_THE PROBLEM_
Below are entries. Reproduce exactly the lines between the line holding "is_dist_set n A w (Defs.dist n w p)." and the line holding "intros j _ Hji.", inclusive, and only those.

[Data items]
((
(* Let $n\ge1$ and let $\delta$ be a dependent variable of $\mathsf{Q}$. Let $\mathcal T$ consist of the two formulas $(\delta,1)\leftrightarrow(\phi_1,1)\land\dots\land(\phi_n,1)$ and $(\delta,0)\leftrightarrow(\phi_1,0)\land\dots\land(\phi_n,0)$. Then every evaluation satisfying $\mathcal T$ has $\delta^+=\{(1,\dots,1)\}$ and $\delta^-=\{(0,\dots,0)\}$; for such an evaluation, $\delta$ holds at each world $w=(c_1,\dots,c_n)\in W$ to the degree $\frac1n(c_1+\dots+c_n)$; consequently, for all $c_1,\dots,c_n\in[0,1]$, $\mathcal T$ entails $(\phi_1,c_1)\land\dots\land(\phi_n,c_n)\to\big(\delta,\tfrac{c_1+\dots+c_n}{n}\big)$.
   Context: The logic $\mathsf{Q}$: fix $n\ge1$, basic variables $\phi_1,\dots,\phi_n$ and countably many dependent variables $\alpha_1,\alpha_2,\dots$. A graded variable is a pair $(\alpha,c)$ with $\alpha$ a variable and $c\in[0,1]$. Formulas are built from graded variables by classical $\land,\lor,\lnot$; $\Phi\to\Psi$ abbreviates $\lnot\Phi\lor\Psi$ and $\leftrightarrow$ is the usual biconditional. The set of worlds is $W=[0,1]^n$ with metric $d((c_1,\dots,c_n),(d_1,\dots,d_n))=\sum_i|c_i-d_i|$, and $d(w,A)=\inf_{a\in A}d(w,a)$ for $A\subseteq W$. An evaluation assigns to each variable $\alpha$ a pair $(\alpha^+,\alpha^-)$ of disjoint nonempty closed subsets of $W$, with $\phi_i^+=\{(a_1,\dots,a_n):a_i=1\}$ and $\phi_i^-=\{(a_1,\dots,a_n):a_i=0\}$ for each basic variable. At $w\in W$, $\alpha$ holds to the degree $\frac{d(w,\alpha^-)}{d(w,\alpha^+)+d(w,\alpha^-)}$. Each formula $\Phi$ is assigned $[\Phi]\subseteq W$: $[(\alpha,c)]$ is the set of worlds at which $\alpha$ holds to degree $c$, and $\land,\lor,\lnot$ are interpreted by $\cap,\cup$, complement in $W$. An evaluation satisfies $\Phi$ iff $[\Phi]=W$. A theory is a set of formulas; it is correct if some evaluation satisfies all its elements, and a correct theory $\mathcal T$ entails $\Phi$ if every evaluation satisfying all elements of $\mathcal T$ satisfies $\Phi$. *)

From Stdlib Require Import Reals.
Open Scope R_scope.

(** Worlds of W = [0,1]^n are represented by functions nat -> R whose
    coordinates 0..n-1 lie in [0,1] and which vanish from index n on
    (coordinate i here is c_{i+1} of the paper). *)
Definition world := nat -> R.
Definition wset := world -> Prop.

Definition inW (n : nat) (w : world) : Prop :=
  (forall i, (i < n)%nat -> 0 <= w i <= 1) /\ (forall i, (n <= i)%nat -> w i = 0).

Fixpoint sumR (n : nat) (f : nat -> R) : R :=
  match n with O => 0 | S m => sumR m f + f m end.

Definition dist (n : nat) (w v : world) : R := sumR n (fun i => Rabs (w i - v i)).

Definition is_glb (E : R -> Prop) (m : R) : Prop :=
  (forall x, E x -> m <= x) /\ (forall b, (forall x, E x -> b <= x) -> b <= m).

Definition is_dist_set (n : nat) (A : wset) (w : world) (r : R) : Prop :=
  is_glb (fun x => exists a, A a /\ x = dist n w a) r.

Definition closedW (n : nat) (A : wset) : Prop :=
  (forall w, A w -> inW n w) /\
  (forall w, inW n w ->
     (forall eps, 0 < eps -> exists a, A a /\ dist n w a < eps) -> A w).

Definition admissible (n : nat) (P M : wset) : Prop :=
  closedW n P /\ closedW n M /\ (exists w, P w) /\ (exists w, M w) /\
  (forall w, P w -> M w -> False).

(** Variables: basic phi_(i+1) = Basic i (i < n), dependent alpha_k = Dep k. *)
Inductive var : Type := Basic (i : nat) | Dep (k : nat).

(** An evaluation: the values of the dependent variables, each admissible;
    the basic variables have their fixed values (see [vplus], [vminus]). *)
Record evaluation (n : nat) : Type := mkEval {
  dep_val : nat -> wset * wset;
  dep_adm : forall k, admissible n (fst (dep_val k)) (snd (dep_val k)) }.

Definition vplus (n : nat) (ev : evaluation n) (v : var) : wset :=
  match v with
  | Basic i => fun w => inW n w /\ w i = 1
  | Dep k => fst (dep_val n ev k)
  end.
Definition vminus (n : nat) (ev : evaluation n) (v : var) : wset :=
  match v with
  | Basic i => fun w => inW n w /\ w i = 0
  | Dep k => snd (dep_val n ev k)
  end.

Definition holds_deg (n : nat) (ev : evaluation n) (v : var) (w : world) (c : R) : Prop :=
  exists a b, is_dist_set n (vplus n ev v) w a /\ is_dist_set n (vminus n ev v) w b /\
              c = b / (a + b).

Inductive form : Type :=
  | GV (v : var) (c : R)
  | FAnd (A B : form)
  | FOr (A B : form)
  | FNot (A : form).

Definition FImp (A B : form) : form := FOr (FNot A) B.
Definition FIff (A B : form) : form := FAnd (FImp A B) (FImp B A).

(** BigAnd m f = f 0 /\ ... /\ f (m-1)  (intended for m >= 1) *)
Fixpoint BigAnd (m : nat) (f : nat -> form) : form :=
  match m with
  | O => f O
  | S O => f O
  | S (S _ as k) => FAnd (BigAnd k f) (f k)
  end.

Fixpoint den (n : nat) (ev : evaluation n) (F : form) : wset :=
  match F with
  | GV v c => fun w => inW n w /\ holds_deg n ev v w c
  | FAnd A B => fun w => den n ev A w /\ den n ev B w
  | FOr A B => fun w => den n ev A w \/ den n ev B w
  | FNot A => fun w => inW n w /\ ~ den n ev A w
  end.

Definition satisfies (n : nat) (ev : evaluation n) (F : form) : Prop :=
  forall w, inW n w -> den n ev F w.

Definition satisfies_all (n : nat) (ev : evaluation n) (T : form -> Prop) : Prop :=
  forall F, T F -> satisfies n ev F.

Definition correct (n : nat) (T : form -> Prop) : Prop :=
  exists ev : evaluation n, satisfies_all n ev T.

(** entailment is only defined for correct theories *)
Definition entails (n : nat) (T : form -> Prop) (F : form) : Prop :=
  correct n T /\ forall ev : evaluation n, satisfies_all n ev T -> satisfies n ev F.

Definition theoryT (n k : nat) : form -> Prop :=
  fun F => F = FIff (GV (Dep k) 1) (BigAnd n (fun i => GV (Basic i) 1)) \/
           F = FIff (GV (Dep k) 0) (BigAnd n (fun i => GV (Basic i) 0)).

(** For any
    admissible pair (P, M) the degree is 1 exactly on P and 0 exactly on M, since
    d(w, A) = 0 characterises membership in a closed set A and P, M are disjoint;
    so the theory pins down delta^+ and delta^- as the two corners.  The distance
    from w to the corner (v,...,v) is sum_i |c_i - v|, so the degree of delta is
    sum_i c_i / (sum_i (1 - c_i) + sum_i c_i) = (c_1 + ... + c_n) / n.  The
    evaluation taking both corners as the value of every dependent variable shows
    that the theory is correct. *)

From Pilot Require Import Defs.
From Stdlib Require Import Reals Lra Lia Classical.
Open Scope R_scope.

Lemma sumR_ext n f g :
  (forall i, (i < n)%nat -> f i = g i) -> sumR n f = sumR n g.
Proof.
  induction n as [|n IH]; intros H; simpl; [reflexivity|].
  rewrite IH by (intros; apply H; lia). rewrite H by lia. reflexivity.
Qed.

Lemma sumR_nonneg n f :
  (forall i, (i < n)%nat -> 0 <= f i) -> 0 <= sumR n f.
Proof.
  induction n as [|n IH]; intros H; simpl; [lra|].
  assert (0 <= f n) by (apply H; lia).
  assert (0 <= sumR n f) by (apply IH; intros; apply H; lia). lra.
Qed.

Lemma term_le_sumR n f i :
  (forall j, (j < n)%nat -> 0 <= f j) -> (i < n)%nat -> f i <= sumR n f.
Proof.
  induction n as [|n IH]; intros H Hi; simpl; [lia|].
  assert (0 <= sumR n f) by (apply sumR_nonneg; intros; apply H; lia).
  destruct (Nat.eq_dec i n) as [->|Hne]; [lra|].
  assert (f i <= sumR n f) by (apply IH; [intros; apply H|]; lia).
  assert (0 <= f n) by (apply H; lia). lra.
Qed.

Lemma sumR_plus n f g : sumR n (fun i => f i + g i) = sumR n f + sumR n g.
Proof. induction n as [|n IH]; simpl; [lra|]. rewrite IH; ring. Qed.

Lemma sumR_const n c : sumR n (fun _ => c) = INR n * c.
Proof. induction n as [|n IH]; simpl sumR; [simpl; ring|]. rewrite IH, S_INR; ring. Qed.

Lemma sumR_delta n f i :
  (i < n)%nat -> (forall j, (j < n)%nat -> j <> i -> f j = 0) -> sumR n f = f i.
Proof.
  induction n as [|n IH]; intros Hi H; simpl; [lia|].
  destruct (Nat.eq_dec i n) as [->|Hne].
  - rewrite (sumR_ext n f (fun _ => 0)), sumR_const by (intros; apply H; lia). ring.
  - rewrite IH, (H n) by (intros; try apply H; lia). ring.
Qed.

Lemma dist_nonneg n w a : 0 <= Defs.dist n w a.
Proof. apply sumR_nonneg. intros; apply Rabs_pos. Qed.

Lemma dist_diag n w : Defs.dist n w w = 0.
Proof.
  unfold Defs.dist. rewrite (sumR_ext n _ (fun _ => 0)), sumR_const; [ring|].
  intros. rewrite Rminus_diag. apply Rabs_R0.
Qed.

Lemma coord_le_dist n w a i : (i < n)%nat -> Rabs (w i - a i) <= Defs.dist n w a.
Proof.
  intros Hi. apply (term_le_sumR n (fun j => Rabs (w j - a j))); auto.
  intros; apply Rabs_pos.
Qed.

Lemma is_glb_unique E m m' : is_glb E m -> is_glb E m' -> m = m'.
Proof. intros [H1 H1'] [H2 H2']. apply Rle_antisym; auto. Qed.

Lemma is_dist_set_nonneg n A w r : is_dist_set n A w r -> 0 <= r.
Proof. intros [_ H]. apply H. intros x [a [_ ->]]. apply dist_nonneg. Qed.

Lemma is_dist_set_exists n (A : wset) w :
  (exists a, A a) -> exists r, is_dist_set n A w r.
Proof.
  intros [a0 Ha0].
  destruct (completeness (fun y => exists a, A a /\ y = - Defs.dist n w a))
    as [m [Hub Hlub]].
  - exists 0. intros y [a [_ ->]]. pose proof (dist_nonneg n w a). lra.
  - exists (- Defs.dist n w a0). eauto.
  - exists (- m). split.
    + intros x [a [Ha ->]].
      assert (- Defs.dist n w a <= m) by (apply Hub; eauto). lra.
    + intros b Hb. assert (m <= - b); [|lra].
      apply Hlub. intros y [a [Ha ->]].
      assert (b <= Defs.dist n w a) by (apply Hb; eauto). lra.
Qed.

Lemma is_dist_set_mem n (A : wset) w : A w -> is_dist_set n A w 0.
Proof.
  intros Hw. split.
  - intros x [a [_ ->]]. apply dist_nonneg.
  - intros b Hb. rewrite <- (dist_diag n w). apply Hb. eauto.
Qed.

Lemma mem_of_is_dist_set0 n A w :
  closedW n A -> inW n w -> is_dist_set n A w 0 -> A w.
Proof.
  intros [_ Hcl] Hw [_ Hglb]. apply Hcl; auto. intros eps Heps.
  apply NNPP. intros Hfar. assert (eps <= 0); [|lra].
  apply Hglb. intros x [a [Ha ->]].
  apply Rnot_lt_le. intros Hlt. apply Hfar. eauto.
Qed.

Lemma is_dist_set_agree n (A : wset) p w :
  A p -> (forall a, A a -> forall i, (i < n)%nat -> a i = p i) ->
  is_dist_set n A w (Defs.dist n w p).
Proof.
  intros Hp Hagree. split.
  - intros x [a [Ha ->]]. right. apply sumR_ext. intros i Hi.
    rewrite (Hagree a Ha i Hi). reflexivity.
  - intros b Hb. apply Hb. eauto.
Qed.

Lemma is_dist_set_coord n i v w :
  (i < n)%nat -> 0 <= v <= 1 -> inW n w ->
  is_dist_set n (fun a => inW n a /\ a i = v) w (Rabs (w i - v)).
Proof.
  intros Hi Hv [Hw Hw0]. split.
  - intros x [a [[_ <-] ->]]. apply coord_le_dist; auto.
  - intros b Hb. set (a := fun j => if Nat.eqb j i then v else w j).
    assert (Hai : a i = v) by (unfold a; rewrite Nat.eqb_refl; reflexivity).
    assert (Ha : inW n a).
    { split; intros j Hj; unfold a; destruct (Nat.eqb_spec j i); auto; lia. }
    replace (Rabs (w i - v)) with (Defs.dist n w a); [apply Hb; eauto|].
    unfold Defs.dist. rewrite (sumR_delta n _ i), Hai; auto.
    intros j _ Hji. unfold a. apply Nat.eqb_neq in Hji. rewrite Hji, Rminus_diag.
    apply Rabs_R0.
Qed.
))
_THE ANSWER_
  is_dist_set n A w (Defs.dist n w p).
Proof.
  intros Hp Hagree. split.
  - intros x [a [Ha ->]]. right. apply sumR_ext. intros i Hi.
    rewrite (Hagree a Ha i Hi). reflexivity.
  - intros b Hb. apply Hb. eauto.
Qed.

Lemma is_dist_set_coord n i v w :
  (i < n)%nat -> 0 <= v <= 1 -> inW n w ->
  is_dist_set n (fun a => inW n a /\ a i = v) w (Rabs (w i - v)).
Proof.
  intros Hi Hv [Hw Hw0]. split.
  - intros x [a [[_ <-] ->]]. apply coord_le_dist; auto.
  - intros b Hb. set (a := fun j => if Nat.eqb j i then v else w j).
    assert (Hai : a i = v) by (unfold a; rewrite Nat.eqb_refl; reflexivity).
    assert (Ha : inW n a).
    { split; intros j Hj; unfold a; destruct (Nat.eqb_spec j i); auto; lia. }
    replace (Rabs (w i - v)) with (Defs.dist n w a); [apply Hb; eauto|].
    unfold Defs.dist. rewrite (sumR_delta n _ i), Hai; auto.
    intros j _ Hji. unfold a. apply Nat.eqb_neq in Hji. rewrite Hji, Rminus_diag.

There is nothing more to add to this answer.